In about 300 BC, the town of Thebes erected a giant stone lion on a pedestal at the burial site of the Sacred Band.

More about this incredible story in another article, involving Philip the Macedonian and his sone Alexander the Great.

Thespiae
In the history of ancient Greece, Thespiae was one of the cities of the federal league known as the Boeotian League. Several traditions agree that the Boeotians were a people expelled from Thessaly some time after the Trojan War, and who colonised the Boeotian plain over a series of generations, of which the occupation of Thespiae formed a later stage. Other traditions suggest that they were of Mycenean origin.
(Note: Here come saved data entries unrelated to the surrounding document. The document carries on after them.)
Lemma edge_crossing_low P A B : snd A <= snd P -> edge_crossing P A B = 0.
Proof. unfold edge_crossing; intros; decide_all; lia. Qed.

Fixpoint crossings (X : Z -> Z * Z) (t0 : Z) (K : nat) (P : Z * Z) : Z :=
  match K with
  | O => 0
  | Datatypes.S k =>
      crossings X t0 k P + edge_crossing P (X (t0 + Z.of_nat k)) (X (t0 + Z.of_nat k + 1))
  end.

Section Crossings.

Variables (X : Z -> Z * Z) (t0 : Z).
Hypothesis HX : walk X.

Lemma crossings_up K x y : (forall t, X t <> (x, y + 1)) ->
  crossings X t0 K (x, y + 1) = crossings X t0 K (x, y).
Proof.
  intros Hoff; induction K as [|k IH]; simpl; [reflexivity|].
  rewrite IH, edge_crossing_up; auto.
Qed.

Lemma crossings_right K x y : (forall t, X t <> (x + 1, y)) ->
  crossings X t0 K (x + 1, y) - crossings X t0 K (x, y) =
  above_right (x, y) (X t0) - above_right (x, y) (X (t0 + Z.of_nat K)).
Proof.
  intros Hoff; induction K as [|k IH]; cbn [crossings].
  - rewrite Z.add_0_r; lia.
  - pose proof (edge_crossing_right x y _ _ (HX (t0 + Z.of_nat k)) (Hoff _) (Hoff _)).
    replace (t0 + Z.of_nat (Datatypes.S k)) with (t0 + Z.of_nat k + 1) by lia; lia.
Qed.

Lemma crossings_high K P :
  (forall i, (i <= K)%nat -> snd P < snd (X (t0 + Z.of_nat i))) ->
  crossings X t0 K P = right_of P (X (t0 + Z.of_nat K)) - right_of P (X t0).
Proof.
  induction K as [|k IH]; intros Hhigh; cbn [crossings].
  - rewrite Z.add_0_r; lia.
  - rewrite IH by (intros; apply Hhigh; lia).
    pose proof (Hhigh k ltac:(lia)); pose proof (Hhigh (Datatypes.S k) ltac:(lia)).
    replace (t0 + Z.of_nat (Datatypes.S k)) with (t0 + Z.of_nat k + 1) in * by lia.
    rewrite edge_crossing_high; auto; lia.
Qed.

Lemma crossings_low K P :
  (forall i, (i < K)%nat -> snd (X (t0 + Z.of_nat i)) <= snd P) -> crossings X t0 K P = 0.
Proof.
  induction K as [|k IH]; intros Hlow; simpl; [reflexivity|].
  rewrite IH, edge_crossing_low by (auto; apply Hlow; lia); reflexivity.
Qed.

Lemma crossings_adjacent K P Q : adjacent P Q ->
  (forall t, X t <> P) -> (forall t, X t <> Q) ->
  fst (X t0) < Z.min (fst P) (fst Q) -> Z.max (fst P) (fst Q) < fst (X (t0 + Z.of_nat K)) ->
  crossings X t0 K P = crossings X t0 K Q.
Proof.
  intros HPQ HP HQ Hleft Hright.
  assert (Hup : forall x y, (forall t, X t <> (x, y + 1)) ->
            crossings X t0 K (x, y) = crossings X t0 K (x, y + 1))
    by (intros; symmetry; apply crossings_up; auto).
  assert (Hstep : forall x y, (forall t, X t <> (x + 1, y)) ->
            fst (X t0) < x -> x + 1 < fst (X (t0 + Z.of_nat K)) ->
            crossings X t0 K (x, y) = crossings X t0 K (x + 1, y)).
  { intros x y Hoff H0 H1; pose proof (crossings_right K x y Hoff).
    unfold above_right in *; simpl in *; revert H; decide_all; lia. }
  destruct P as [a b], Q as [c d].
  destruct (adjacent_cases _ _ HPQ) as [E|[E|[E|E]]]; simpl in E; injection E as -> ->;
    simpl in *.
  - apply Hup; auto.
  - apply Hstep; auto; lia.
  - symmetry; apply Hup; auto.
  - symmetry; apply Hstep; auto; lia.
Qed.
(* Let $k \ge 0$, let $G_i$ and $G_j$ be two node-labeled graphs with node coloring $l$, and let $F^{(k)}$ be a function assigning to each node $v \in V(G_i) \cup V(G_j)$ a vector $F^{(k)}(v) \in \mathbb{R}^{d}$ such that for all nodes $u, v \in V(G_i) \cup V(G_j)$, $c_l^{(k)}(u)=c_l^{(k)}(v) \Longleftrightarrow F^{(k)}(u) = F^{(k)}(v)$. Let $f_G$ be a function mapping countable multisets of elements of $\mathbb{R}^d$ to $\mathbb{R}^{d_G}$, and define $F^{(k)}_G(G) = f_G(\{\!\{F^{(k)}(v) \mid v \in V(G)\}\!\})$. Put $\mathcal{A}=\{\!\{F^{(k)}(v) \mid v \in V(G_i)\}\!\}$ and $\mathcal{B}=\{\!\{F^{(k)}(v) \mid v \in V(G_j)\}\!\}$. If $$f_G(\mathcal{A}) = f_G(\mathcal{B}) \Longrightarrow \mathcal{A} = \mathcal{B},$$ then $$F^{(k)}_G(G_i)=F^{(k)}_G(G_j) \Longleftrightarrow C_l^{(k)}(G_i) = C_l^{(k)}(G_j).$$
   Context: A graph $G=(V,E)$ has a finite node set $V$ and edges $E \subseteq \{\{u,v\} \subseteq V\}$; the neighborhood of $v$ is $N(v)=\{u \in V \mid \{v,u\} \in E\}$. A node coloring (labeling) is a function $l$ from nodes to a set of colors. Multisets are written $\{\!\{\dots\}\!\}$. 1-WL coloring: set $c_l^{(0)} = l$ and for $t>0$, $c_l^{(t)}(v) = \mathrm{HASH}\big(c_l^{(t-1)}(v), \{\!\{c_l^{(t-1)}(u) \mid u \in N(v)\}\!\}\big)$, where $\mathrm{HASH}$ is an injective map sending each such pair to a value not used in earlier iterations (the same map is used for all graphs considered). For a graph $G$, $C_l^{(t)}(G) = \{\!\{c_l^{(t)}(v) \mid v \in V(G)\}\!\}$. *)

From mathcomp Require Import all_boot all_order all_algebra.
From mathcomp Require Import reals.
Set Implicit Arguments. Unset Strict Implicit. Unset Printing Implicit Defensive.

Record lgraph (C : Type) := LGraph {
  node : finType;
  adj : rel node;
  adj_sym : symmetric adj;
  adj_irr : irreflexive adj;
  lab : node -> C
}.

(* Multisets are represented as sequences up to permutation (perm_eq). *)

Definition hash_injective (C : eqType) (HASH : C -> seq C -> C) : Prop :=
  forall a b s s', HASH a s = HASH b s' <-> (a = b /\ perm_eq s s').

Fixpoint wl (C : eqType) (HASH : C -> seq C -> C) (G : lgraph C) (t : nat)
  : node G -> C :=
  match t with
  | 0 => @lab C G
  | t'.+1 => fun v => HASH (wl HASH t' v)
                          [seq wl HASH t' u | u <- enum (node G) & adj v u]
  end.
Arguments wl {C} HASH G t _.

Definition wl_multiset (C : eqType) (HASH : C -> seq C -> C) (G : lgraph C)
  (t : nat) : seq C := [seq wl HASH G t v | v <- enum (node G)].

Definition multiset_fun (T U : eqType) (f : seq T -> U) : Prop :=
  forall s s', perm_eq s s' -> f s = f s'.

From mathcomp Require Import all_boot all_order all_algebra.
From mathcomp Require Import reals.

Set Implicit Arguments.
Unset Strict Implicit.
Unset Printing Implicit Defensive.

(* The WL colouring and the feature map [F] induce the same partition of the
   disjoint union of the node sets, and two maps with the same fibres give the
   same answer to "are these two multisets of images equal?".  Hence
   C(Gi) = C(Gj) iff A = B, and A = B iff fG A = fG B by permutation
   invariance of [fG] and the injectivity hypothesis. *)

(* [F] factors as [phi \o g] through an arbitrary representative of each
   [g]-fibre, so a permutation of [g]-images maps to one of [F]-images. *)
Lemma perm_map_coarser (T : finType) (X Y : eqType) (g : T -> X) (F : T -> Y)
    (s t : seq T) :
  (forall u v, g u = g v -> F u = F v) ->
  perm_eq (map g s) (map g t) -> perm_eq (map F s) (map F t).
Proof.
move=> gF gst.
pose phi c := omap F [pick u | g u == c].
have phi_g u : phi (g u) = Some (F u).
  rewrite /phi; case: pickP => [u' /eqP /gF <- // | /(_ u)].
  by rewrite eqxx.
have phi_gE : Some \o F =1 phi \o g by move=> u; rewrite /= phi_g.
apply: (perm_map_inj (@Some_inj _)).
rewrite -!map_comp !(eq_map phi_gE) !(map_comp phi g).
exact: (perm_map phi gst).
Qed.

Lemma perm_map_same_partition (T : finType) (X Y : eqType)
    (g : T -> X) (F : T -> Y) (s t : seq T) :
  (forall u v, g u = g v <-> F u = F v) ->
  perm_eq (map g s) (map g t) = perm_eq (map F s) (map F t).
Proof.
move=> gF; apply/idP/idP; apply: perm_map_coarser => u v /gF //.
Qed.

Theorem proposition3p5 (R : realType) (C : eqType)
  (HASH : C -> seq C -> C) (HASH_inj : hash_injective HASH)
  (k d dG : nat) (Gi Gj : lgraph C)
  (F : (node Gi + node Gj)%type -> 'rV[R]_d)
  (HF : forall u v : (node Gi + node Gj)%type,
      (match u with inl x => wl HASH Gi k x | inr x => wl HASH Gj k x end =
       match v with inl x => wl HASH Gi k x | inr x => wl HASH Gj k x end)
      <-> F u = F v)
  (fG : seq 'rV[R]_d -> 'rV[R]_dG) (HfG : multiset_fun fG) :
  let A := [seq F (inl v) | v <- enum (node Gi)] in
  let B := [seq F (inr v) | v <- enum (node Gj)] in
  (fG A = fG B -> perm_eq A B) ->
  (fG A = fG B <-> perm_eq (wl_multiset HASH Gi k) (wl_multiset HASH Gj k)).
Proof.
move=> A B fG_inj.
pose c (u : node Gi + node Gj) :=
  match u with inl x => wl HASH Gi k x | inr x => wl HASH Gj k x end.
have -> : wl_multiset HASH Gi k = map c (map inl (enum (node Gi))).
  by rewrite -map_comp.
have -> : wl_multiset HASH Gj k = map c (map inr (enum (node Gj))).
  by rewrite -map_comp.
rewrite (perm_map_same_partition _ _ HF) -!(map_comp F).
by split=> [/fG_inj | /HfG].
Qed.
In the Archaic Period the Thespian nobility was heavily dependant on Thebes. This possibly reflected that land ownership was concentrated in the hands of a small number of nobles, and therefore there was difficulty in equipping an effective force of hoplites. Thespiae therefore decided to become a close ally of Thebes. The Thessalians invaded Boeotia as far as Thespiae, more than 200 years before Leuctra (according to Plutarch), c. 571 BC, which might have given Thespiae the impetus to join the Boeotian League. But elsewhere Plutarch gives a date for the Thessalian invasion as shortly preceding the Second Persian War.
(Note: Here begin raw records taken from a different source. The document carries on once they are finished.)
(* Let $A=\mathbb{F}_2(\mathbb{Z}_3)$ with calculus as in the context. Then the element $$g_B=(1+y)\,\omega^1\otimes\omega^1+(1+x+y)(\omega^1\otimes\omega^2+\omega^2\otimes\omega^1)+(1+x)\,\omega^2\otimes\omega^2$$ is the unique invertible, central, quantum symmetric metric. It admits exactly four QLCs; three of them are flat and the fourth has curvature $R_\nabla\eta=\mathrm{Vol}\otimes\eta$ for all $\eta\in\Omega^1$. The quantum dimension $(\ ,\ )(g_B)$ is $0$, and for each of the four QLCs the Laplacian $\Delta$ is identically zero.
   Context: Algebra B: $A$ is the commutative algebra over $\mathbb{F}_2$ with basis $1,x,y$ and $x^2=x$, $y^2=y$, $xy=0$ (the functions on $\mathbb{Z}_3$). $\Omega^1$ is the universal calculus, free as a left module on $\omega^1=\mathrm{d}x$, $\omega^2=\mathrm{d}y$, with $\omega^1x=(1+x)\omega^1$, $\omega^1y=x\omega^2$, $\omega^2x=y\omega^1$, $\omega^2y=(1+y)\omega^2$. $\Omega^2=A\,\mathrm{Vol}$ free of rank one with central basis $\mathrm{Vol}$, $\omega^1\wedge\omega^1=(1+x)\mathrm{Vol}$, $\omega^1\wedge\omega^2=\omega^2\wedge\omega^1=(x+y)\mathrm{Vol}$, $\omega^2\wedge\omega^2=(1+y)\mathrm{Vol}$, $\mathrm{d}\omega^i=0$. Definitions: $g\in\Omega^1\otimes_A\Omega^1$ is central if $ag=ga$ for all $a$; quantum symmetric if $\wedge(g)=0$; an invertible metric if there is a bimodule map $(\ ,\ ):\Omega^1\otimes_A\Omega^1\to A$ with $((\eta,\ )\otimes\mathrm{id})g=\eta=(\mathrm{id}\otimes(\ ,\eta))g$ for all $\eta$. A QLC for $g$ is a bimodule connection ($\nabla(a\omega)=a\nabla\omega+\mathrm{d}a\otimes\omega$, $\nabla(\omega a)=(\nabla\omega)a+\sigma(\omega\otimes\mathrm{d}a)$ for a bimodule map $\sigma$) which is torsion free ($\wedge\nabla=\mathrm{d}$ on $\Omega^1$) and metric compatible ($(\nabla\otimes\mathrm{id})g+(\sigma\otimes\mathrm{id})(\mathrm{id}\otimes\nabla)g=0$). Curvature $R_\nabla=(\mathrm{d}\otimes\mathrm{id}-\mathrm{id}\wedge\nabla)\nabla$; flat means $R_\nabla=0$. Laplacian $\Delta=(\ ,\ )\nabla\mathrm{d}:A\to A$; quantum dimension $(\ ,\ )(g)$. *)

From mathcomp Require Import all_boot.
Set Implicit Arguments.
Unset Strict Implicit.
Unset Printing Implicit Defensive.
During the Persian invasion of 480 BC Thespiae's ability to field a substantial force of hoplites had changed. Thespiae and Thebes were the only Boeotian cities to send a contingent to fight at Thermopylae, Thespiae sending a force of 700 hoplites who remained to fight beside the Spartans on the final day of the battle. In 1997, the Greek government dedicated a monument to the Thespians who fell alongside that of the Spartans. After the battle, Thebes was the final Boeotian state to side with the Persians, and in doing so they denounced both Plataea and Thespiae to Xerxes I as the only Boeotian states to side with the Greeks. After the city was burned down by Xerxes, the remaining inhabitants furnished a force of 1800 men for the confederate Greek army that fought at Plataea.

During the Athenian invasion of Boeotia in 424 BC, the Thespian contingent of the Boeotian army sustained heavy losses at the Battle of Delium. In the next year the Thebans dismantled the walls of Thespiae on the charge that the Thespians were pro-Athenian, perhaps as a measure to prevent a democratic revolution. In 414 the Thebans aided the Thespians in suppressing a democratic revolution.
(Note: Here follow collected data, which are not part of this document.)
(* Let $G$ be a graph, $\mathcal U=\{U_1,\dots,U_m\}$ a partition of $V(G)$, and $\mathcal C$ a $\mathcal U$-connecting path system in $G$. Then there exists a $\mathcal U$-connecting path system $\mathcal C'$ in $G$ such that (a) $\mathcal C'$ contains no edge with both ends in the same $U_i$, and (b) for all $1\leq i<j\leq m$, $\mathcal C'$ contains at most $2$ edges with one end in $U_i$ and the other in $U_j$.
   Context: A path system in $G$ is a collection of vertex-disjoint (non-trivial) paths in $G$, also viewed as the subgraph formed by their union. Given a partition $\mathcal U$ of $V(G)$ and a path system $\mathcal P$, the reduced multigraph $R_{\mathcal U}(\mathcal P)$ has vertex set $\mathcal U$ and, for each path of $\mathcal P$ with endpoints in $U\in\mathcal U$ and $U'\in\mathcal U$, one edge between $U$ and $U'$ (a loop if $U=U'$; loops contribute 2 to the degree). $\mathcal P$ is $\mathcal U$-connecting if $R_{\mathcal U}(\mathcal P)$ is Eulerian, i.e. connected (on all of $\mathcal U$) with every vertex of even degree. *)

From mathcomp Require Import all_boot.
Set Implicit Arguments. Unset Strict Implicit. Unset Printing Implicit Defensive.

(* A finite simple graph: vertex type T : finType, adjacency e : rel T,
   assumed symmetric and irreflexive (hypotheses of the theorem).
   A path is a nonempty vertex sequence x :: q with consecutive vertices
   adjacent and no repeated vertex; it is non-trivial iff q <> [::]. *)

Section PathSystems.
Variable T : finType.
Variable e : rel T.

Definition is_ntpath (p : seq T) : bool :=
  if p is x :: q then [&& 0 < size q, path e x q & uniq p] else false.

Definition path_system (C : seq (seq T)) : bool :=
  all is_ntpath C && uniq (flatten C).

(* Number of endpoints of p lying in B (a path from B to B counts 2). *)
Definition ends_in (B : {set T}) (p : seq T) : nat :=
  if p is x :: q then (x \in B) + (last x q \in B) else 0.

(* Edge of the reduced multigraph R_U(C) between blocks A and B
   (some path has one endpoint in A and the other in B). *)
Definition red_adj (P : {set {set T}}) (C : seq (seq T)) : rel {set T} :=
  fun A B => [&& A \in P, B \in P &
    has (fun p => if p is x :: q then
                    ((x \in A) && (last x q \in B)) || ((x \in B) && (last x q \in A))
                  else false) C].

Definition connecting (P : {set {set T}}) (C : seq (seq T)) : Prop :=
  (forall A B, A \in P -> B \in P -> connect (red_adj P C) A B) /\
  (forall B, B \in P -> ~~ odd (\sum_(p <- C) ends_in B p)).

Definition path_edges (p : seq T) : seq (T * T) := zip p (behead p).

Definition n_edges_between (C : seq (seq T)) (A B : {set T}) : nat :=
  \sum_(p <- C) count (fun xy : T * T =>
      ((xy.1 \in A) && (xy.2 \in B)) || ((xy.1 \in B) && (xy.2 \in A)))
    (path_edges p).

End PathSystems.

From mathcomp Require Import all_boot.
From mathcomp Require Import zify.
From Stdlib Require Import Classical Lia.
Set Implicit Arguments. Unset Strict Implicit. Unset Printing Implicit Defensive.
In the Corinthian War, Thespiae was initially part of the anti-Spartan alliance. At the Battle of Nemea in 394 BC, the Thespian contingent fought the Pellenes to a standstill while the rest of the Spartan allies were defeated by the Boeotians. After Nemea, Thespiae became an ally to Sparta and served as staging point for Spartan campaigns in Boeotia throughout the Corinthian War. The city became autonomous as stipulated in the King's Peace of 386 which resolved the Corinthian War, and maintained autonomy until 373. In 373 Thespiae was subdued by the Thebans, the Thespians were exiled from Boeotia and they arrived in Athens along with the Plataeans seeking aid. But they still sent a contingent to fight against the Spartans at the Battle of Leuctra in 371. The Boeotarch Epameinondas allowed the Thespians to withdraw before the battle, along with other Boeotians who nursed a grudge against Thebes. At some point later the city was restored.

In 335 BC, the Thespians joined in an alliance with Alexander the Great in destroying Thebes. The famous hetaera (courtesan) Phryne was born at Thespiae in the 4th century BC, though she seems to have lived at Athens. One of the anecdotes told of her is that she offered to finance the rebuilding of the Theban walls on the condition that the words "destroyed by Alexander, restored by Phryne the courtesan" were inscribed upon them.

In 171 Thespiae sought the friendship of the Roman Republic in the war against Mithridates VI. It is subsequently mentioned by Strabo as a place of some size, and by Pliny as a free city within the Roman Empire, a reward for its support against Mithridates. Thespiae hosted an important group of Roman negotiatores until the refoundation of Corinth in 44 BC.